(* Let $A\in\mathbb{R}^{n\times n}$ have rank one. Then $A$ is a Karamardian matrix if and only if its group inverse $A^{\#}$ (which exists in this case) is a Karamardian matrix. Moreover, in this case both $A$ and $A^{\#}$ are range monotone.
   Context: The group inverse $A^{\#}$ of a square $A$ is the unique $X$ (if it exists) with $AXA=A$, $XAX=X$, $AX=XA$. A square matrix $M$ is range monotone if $Mx\ge 0$ and $x\in R(M)$ imply $x\ge 0$. For $A\in\mathbb{R}^{n\times n}$ let $K_A=\mathbb{R}^n_+\cap R(A)$ and $K_A^*=\{y\in\mathbb{R}^n: x^Ty\ge 0 \text{ for all } x\in K_A\}$ (one has $K_A^*=\mathbb{R}^n_++N(A^T)$, and its interior is $\{a+b: a>0,\ b\in N(A^T)\}$). For $q\in\mathbb{R}^n$, LCP$(A,K_A,q)$ is to find $x$ with $x\in K_A$, $Ax+q\in K_A^*$, $x^T(Ax+q)=0$. $A$ is a Karamardian matrix if $K_A\ne\{0\}$ and there exists $d$ in the interior of $K_A^*$ such that both LCP$(A,K_A,0)$ and LCP$(A,K_A,d)$ have $x=0$ as their only solution. *)

From mathcomp Require Import all_boot all_order all_algebra.
From mathcomp Require Import reals.
Set Implicit Arguments. Unset Strict Implicit. Unset Printing Implicit Defensive.
Import Order.TTheory GRing.Theory Num.Theory.
Local Open Scope ring_scope.

Section KaramardianDefs.
Variables (R : realType) (n : nat).

Definition nonneg_vec (x : 'cV[R]_n) : Prop := forall i, 0 <= x i 0.
Definition pos_vec (x : 'cV[R]_n) : Prop := forall i, 0 < x i 0.
Definition in_range (A : 'M[R]_n) (x : 'cV[R]_n) : Prop :=
  exists y : 'cV[R]_n, x = A *m y.
Definition in_null_tr (A : 'M[R]_n) (b : 'cV[R]_n) : Prop := A^T *m b = 0.

Definition is_group_inverse (A X : 'M[R]_n) : Prop :=
  A *m X *m A = A /\ X *m A *m X = X /\ A *m X = X *m A.

Definition range_monotone (M : 'M[R]_n) : Prop :=
  forall x : 'cV[R]_n, nonneg_vec (M *m x) -> in_range M x -> nonneg_vec x.

Definition in_KA (A : 'M[R]_n) (x : 'cV[R]_n) : Prop :=
  nonneg_vec x /\ in_range A x.
Definition in_KA_dual (A : 'M[R]_n) (y : 'cV[R]_n) : Prop :=
  forall x, in_KA A x -> 0 <= (x^T *m y) 0 0.
(* interior of K_A^*, as given in the paper: {a + b : a > 0, b ∈ N(A^T)} *)
Definition in_int_KA_dual (A : 'M[R]_n) (d : 'cV[R]_n) : Prop :=
  exists a b : 'cV[R]_n, pos_vec a /\ in_null_tr A b /\ d = a + b.

Definition solves_LCP (A : 'M[R]_n) (q x : 'cV[R]_n) : Prop :=
  in_KA A x /\ in_KA_dual A (A *m x + q) /\ (x^T *m (A *m x + q)) 0 0 = 0.

Definition karamardian (A : 'M[R]_n) : Prop :=
  (exists x, in_KA A x /\ x <> 0) /\
  exists d, in_int_KA_dual A d /\
    (forall x, solves_LCP A 0 x -> x = 0) /\
    (forall x, solves_LCP A d x -> x = 0).

End KaramardianDefs.

From mathcomp Require Import all_boot all_order all_algebra.
From mathcomp Require Import reals.
From mathcomp Require Import ring.
Import Order.TTheory GRing.Theory Num.Theory.
Set Implicit Arguments. Unset Strict Implicit. Unset Printing Implicit Defensive.
Local Open Scope ring_scope.

(* A rank-one matrix factors as A = u w^T, hence A^2 = c A
   with c = w^T u, and its range is the line spanned by u.  For any matrix
   with A^2 = c A and A <> 0:
   - a group inverse exists iff c <> 0, and it is then X = c^-2 A;
   - A acts on its range as multiplication by c, so A is range monotone as
     soon as c > 0.
   If moreover R(A) is a line and A is Karamardian, then c > 0: for c = 0
   every nonzero x in K_A solves LCP(A, K_A, 0), and for c < 0 a suitable
   positive multiple of such an x solves LCP(A, K_A, d).  Finally, being
   Karamardian and being range monotone are invariant under multiplication
   by a positive scalar, which transfers both properties from A to
   X = c^-2 A and back. *)

Section InnerProduct.
Variables (R : realType) (n : nat).
Implicit Types (A : 'M[R]_n) (x y z b : 'cV[R]_n).

Definition dot x y : R := (x^T *m y) 0 0.

Lemma dotE x y : dot x y = \sum_i x i 0 * y i 0.
Proof. by rewrite /dot mxE; apply: eq_bigr => i _; rewrite mxE. Qed.

Lemma dotZl (k : R) x y : dot (k *: x) y = k * dot x y.
Proof. by rewrite !dotE mulr_sumr; apply: eq_bigr => i _; rewrite mxE mulrA. Qed.

Lemma dotZr (k : R) x y : dot x (k *: y) = k * dot x y.
Proof. by rewrite !dotE mulr_sumr; apply: eq_bigr => i _; rewrite mxE mulrCA. Qed.

Lemma dotDr x y z : dot x (y + z) = dot x y + dot x z.
Proof. by rewrite !dotE -big_split; apply: eq_bigr => i _; rewrite mxE mulrDr. Qed.

Lemma dot0r x : dot x 0 = 0.
Proof. by rewrite dotE big1 // => i _; rewrite mxE mulr0. Qed.

Lemma dot_gt0 x y i : nonneg_vec x -> nonneg_vec y -> 0 < x i 0 -> 0 < y i 0 ->
  0 < dot x y.
Proof.
move=> x_ge0 y_ge0 xi_gt0 yi_gt0; rewrite dotE (bigD1 i) //=.
have rest_ge0 : 0 <= \sum_(j | j != i) x j 0 * y j 0.
  by apply: sumr_ge0 => j _; apply: mulr_ge0.
by apply: ltr_wpDr rest_ge0 (mulr_gt0 xi_gt0 yi_gt0).
Qed.

Lemma nonneg_neq0_pos z : nonneg_vec z -> z <> 0 -> exists i, 0 < z i 0.
Proof.
move=> z_ge0 z_neq0; have [i zi_gt0|zi_le0] := pickP (fun i => 0 < z i 0).
  by exists i.
exfalso; apply: z_neq0; apply/matrixP => i j; rewrite (ord1 j) mxE.
apply/eqP; rewrite eq_le z_ge0 andbT leNgt; exact/negbT/zi_le0.
Qed.

Lemma range_orth_null_tr A x b : in_range A x -> in_null_tr A b -> dot x b = 0.
Proof.
by move=> [y ->] Ab0; rewrite /dot trmx_mul -mulmxA Ab0 mulmx0 mxE.
Qed.

(* If x lies in K_A and A x + q is orthogonal to R(A), then x solves
   LCP(A, K_A, q): A x + q is then in K_A^*, and complementarity holds since
   x itself lies in R(A). *)
Lemma orth_range_solves_LCP A q x : in_KA A x ->
  (forall w, in_range A w -> dot w (A *m x + q) = 0) -> solves_LCP A q x.
Proof.
move=> x_KA orth; split=> //; split; last exact: orth x_KA.2.
by move=> w [_ /orth w_orth]; rewrite -/(dot w _) w_orth.
Qed.

End InnerProduct.

(* Multiplying A by k > 0 changes neither R(A), K_A nor the solution sets
   of the LCPs (up to scaling q), hence preserves the Karamardian property
   and range monotonicity. *)
Section PositiveScaling.
Variables (R : realType) (n : nat) (A : 'M[R]_n) (k : R).
Hypothesis k_gt0 : 0 < k.

Let k_neq0 : k != 0. Proof. by rewrite gt_eqF. Qed.

Lemma range_scale x : in_range (k *: A) x <-> in_range A x.
Proof.
split => -[y ->]; first by exists (k *: y); rewrite -scalemxAl scalemxAr.
by exists (k^-1 *: y); rewrite -scalemxAl -scalemxAr scalerA mulfV // scale1r.
Qed.

Lemma KA_scale x : in_KA (k *: A) x <-> in_KA A x.
Proof. by split => -[x_ge0 x_rng]; split => //; apply/range_scale. Qed.

Lemma LCP_scale q x : solves_LCP (k *: A) (k *: q) x -> solves_LCP A q x.
Proof.
rewrite /solves_LCP.
have -> : (k *: A) *m x + k *: q = k *: (A *m x + q).
  by rewrite -scalemxAl scalerDr.
rewrite -/(dot x _) dotZr => -[x_KA [dual compl]].
split; first exact/KA_scale.
split; last by move/eqP: compl; rewrite mulf_eq0 (negbTE k_neq0) => /eqP.
move=> w /KA_scale /dual; rewrite -!/(dot _ _) dotZr.
by rewrite pmulr_rge0.
Qed.

Lemma karamardian_scale : karamardian A -> karamardian (k *: A).
Proof.
move=> [[z [z_KA z_neq0]] [d [[a [b [a_gt0 [b_null ->]]]] [uniq0 uniqd]]]].
split; first by exists z; split => //; apply/KA_scale.
exists (k *: (a + b)); split.
  exists (k *: a), (k *: b); split; first by move=> i; rewrite mxE mulr_gt0.
  split; last by rewrite scalerDr.
  rewrite /in_null_tr.
  have -> : (k *: A)^T = k *: A^T by apply/matrixP => i j; rewrite !mxE.
  by rewrite -scalemxAl -scalemxAr b_null !scaler0.
split => x x_sol; [apply: uniq0 | apply: uniqd]; apply: LCP_scale => //.
by rewrite scaler0.
Qed.

Lemma range_monotone_scale : range_monotone A -> range_monotone (k *: A).
Proof.
move=> A_mono x kAx_ge0 /range_scale x_rng; apply: A_mono x_rng => i.
by have := kAx_ge0 i; rewrite -scalemxAl mxE pmulr_rge0.
Qed.

End PositiveScaling.

Lemma karamardian_scale_iff (R : realType) (n : nat) (A : 'M[R]_n) (k : R) :
  0 < k -> karamardian (k *: A) <-> karamardian A.
Proof.
move=> k_gt0; split; last exact: karamardian_scale.
have kV_gt0 : 0 < k^-1 by rewrite invr_gt0.
move=> /(karamardian_scale kV_gt0).
by rewrite scalerA mulVf ?scale1r // gt_eqF.
Qed.

(* Matrices satisfying A^2 = c A: every rank-one matrix is of this kind. *)
Section SquareMultiple.
Variables (R : realType) (n : nat) (A : 'M[R]_n) (c : R).
Hypothesis sqA : A *m A = c *: A.

Lemma mul_range x : in_range A x -> A *m x = c *: x.
Proof. by move=> [y ->]; rewrite mulmxA sqA scalemxAl. Qed.

Lemma group_inverse_sqmul : c != 0 -> is_group_inverse A (c^-2 *: A).
Proof.
move=> c_neq0.
have AX : A *m (c^-2 *: A) = c^-1 *: A.
  by rewrite -scalemxAr sqA scalerA; congr (_ *: _); field.
have XA : (c^-2 *: A) *m A = c^-1 *: A.
  by rewrite -scalemxAl sqA scalerA; congr (_ *: _); field.
split; first by rewrite AX -scalemxAl sqA scalerA mulVf ?scale1r.
split; last by rewrite AX XA.
by rewrite XA -scalemxAl AX scalerA; congr (_ *: _); field.
Qed.

Lemma group_inverse_sqmulE X : A <> 0 -> is_group_inverse A X ->
  c != 0 /\ X = c^-2 *: A.
Proof.
move=> A_neq0 [AXA [XAX AX_XA]].
have AXA_c : A *m X *m A = c *: (A *m X).
  by rewrite -mulmxA -AX_XA mulmxA sqA scalemxAl.
have c_neq0 : c != 0.
  by apply/eqP => c0; apply: A_neq0; rewrite -AXA AXA_c c0 scale0r.
have AX : A *m X = c^-1 *: A.
  by rewrite -{2}AXA AXA_c scalerA mulVf ?scale1r.
split => //.
by rewrite -XAX -AX_XA AX -scalemxAl AX scalerA -invfM -expr2.
Qed.

(* If c > 0, then A x >= 0 with x in R(A) means c x >= 0, i.e. x >= 0. *)
Lemma range_monotone_sqmul : 0 < c -> range_monotone A.
Proof.
move=> c_gt0 x Ax_ge0 /mul_range Ax i.
by have := Ax_ge0 i; rewrite Ax mxE pmulr_rge0.
Qed.

(* For c = 0 every vector of K_A solves LCP(A, K_A, 0). *)
Lemma karamardian_sqmul_neq0 : karamardian A -> c != 0.
Proof.
move=> [[z [z_KA z_neq0]] [_ [_ [uniq0 _]]]].
apply/eqP => c0; apply: z_neq0; apply: uniq0; apply: orth_range_solves_LCP => //.
by move=> w _; rewrite addr0 (mul_range z_KA.2) c0 scale0r dot0r.
Qed.

(* When R(A) is a line, a Karamardian A has c > 0: for c < 0 a positive
   multiple of a nonzero z in K_A would solve LCP(A, K_A, d). *)
Lemma karamardian_sqmul_gt0 (u : 'cV[R]_n) :
  (forall x, in_range A x -> exists t, x = t *: u) -> karamardian A -> 0 < c.
Proof.
move=> line K; have c_neq0 := karamardian_sqmul_neq0 K.
move: K => [[z [[z_ge0 z_rng] z_neq0]] [d [[a [b [a_gt0 [b_null d_ab]]]] [_ uniqd]]]].
rewrite lt_def c_neq0 /= leNgt; apply/negP => c_lt0.
have [i zi_gt0] := nonneg_neq0_pos z_ge0 z_neq0.
have line_z w : in_range A w -> exists s, w = s *: z.
  move=> /line [t ->]; have [s zs] := line z z_rng.
  have s_neq0 : s != 0 by apply/eqP => s0; apply: z_neq0; rewrite zs s0 scale0r.
  by exists (t / s); rewrite zs scalerA divfK.
have zd_gt0 : 0 < dot z d.
  rewrite d_ab dotDr (range_orth_null_tr z_rng b_null) addr0.
  by apply: dot_gt0 zi_gt0 (a_gt0 i) => // j; apply: ltW.
have zz_gt0 : 0 < dot z z := dot_gt0 z_ge0 z_ge0 zi_gt0 zi_gt0.
pose tau := - dot z d / (c * dot z z).
have tau_gt0 : 0 < tau.
  by rewrite /tau mulrC nmulr_rgt0 ?invr_lt0 ?nmulr_rlt0 // oppr_lt0.
have orth : dot z (A *m (tau *: z) + d) = 0.
  rewrite -scalemxAr (mul_range z_rng) dotDr !dotZr /tau.
  by field; rewrite c_neq0 gt_eqF.
have tauz_KA : in_KA A (tau *: z).
  split; first by move=> j; rewrite mxE mulr_ge0 // ltW.
  by move: z_rng => [y ->]; exists (tau *: y); rewrite scalemxAr.
have tauz_sol : solves_LCP A d (tau *: z).
  apply: orth_range_solves_LCP tauz_KA _ => w /line_z [s ->].
  by rewrite dotZl orth mulr0.
have /eqP := uniqd _ tauz_sol.
by rewrite scaler_eq0 gt_eqF //= => /eqP.
Qed.

End SquareMultiple.

(* A rank-one matrix A = u w^T satisfies A^2 = (w^T u) A and has range
   spanned by u. *)
Lemma rank_one_factor (R : realType) (n : nat) (A : 'M[R]_n) :
  \rank A = 1%N -> exists (c : R) (u : 'cV[R]_n),
  [/\ A *m A = c *: A, A <> 0 & forall x, in_range A x -> exists t, x = t *: u].
Proof.
move=> rk1.
have A_neq0 : A <> 0 by move=> A0; move: rk1; rewrite A0 mxrank0.
have : exists (u : 'M[R]_(n, \rank A)) (w : 'M[R]_(\rank A, n)), A = u *m w.
  by exists (col_base A), (row_base A); rewrite mulmx_base.
rewrite rk1 => -[u [w A_uw]].
exists ((w *m u) 0 0), u; split.
- by rewrite A_uw mulmxA -(mulmxA u) {1}[w *m u]mx11_scalar mul_mx_scalar -scalemxAl.
- exact: A_neq0.
- move=> x [y ->]; exists ((w *m y) 0 0).
  by rewrite A_uw -mulmxA {1}[w *m y]mx11_scalar mul_mx_scalar.
Qed.

Theorem mainTheorem7 (R : realType) (n : nat) (A : 'M[R]_n) :
  \rank A = 1%N ->
  (karamardian A -> exists X : 'M[R]_n, is_group_inverse A X) /\
  (forall X : 'M[R]_n, is_group_inverse A X ->
     (karamardian A <-> karamardian X) /\
     (karamardian A -> range_monotone A /\ range_monotone X)).
Proof.
move=> rk1; have [c [u [sqA A_neq0 line]]] := rank_one_factor rk1.
split=> [K|X ginvX].
  exists (c^-2 *: A); apply: (group_inverse_sqmul sqA).
  exact: (karamardian_sqmul_neq0 sqA).
have [c_neq0 ->] := group_inverse_sqmulE sqA A_neq0 ginvX.
have c2_gt0 : 0 < c^-2 by rewrite invr_gt0 exprn_even_gt0.
split; first exact: iff_sym (karamardian_scale_iff A c2_gt0).
move=> K; have A_mono := range_monotone_sqmul sqA (karamardian_sqmul_gt0 sqA line K).
by split; last exact: range_monotone_scale.
Qed.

________________

> [ASSIGNMENT] Among the records above, find the lines that contain "dotE" and copy every one.

> [ANSWER BOX]
Lemma dotE x y : dot x y = \sum_i x i 0 * y i 0.
Proof. by rewrite !dotE mulr_sumr; apply: eq_bigr => i _; rewrite mxE mulrA. Qed.
Proof. by rewrite !dotE mulr_sumr; apply: eq_bigr => i _; rewrite mxE mulrCA. Qed.
Proof. by rewrite !dotE -big_split; apply: eq_bigr => i _; rewrite mxE mulrDr. Qed.
Proof. by rewrite dotE big1 // => i _; rewrite mxE mulr0. Qed.
move=> x_ge0 y_ge0 xi_gt0 yi_gt0; rewrite dotE (bigD1 i) //=.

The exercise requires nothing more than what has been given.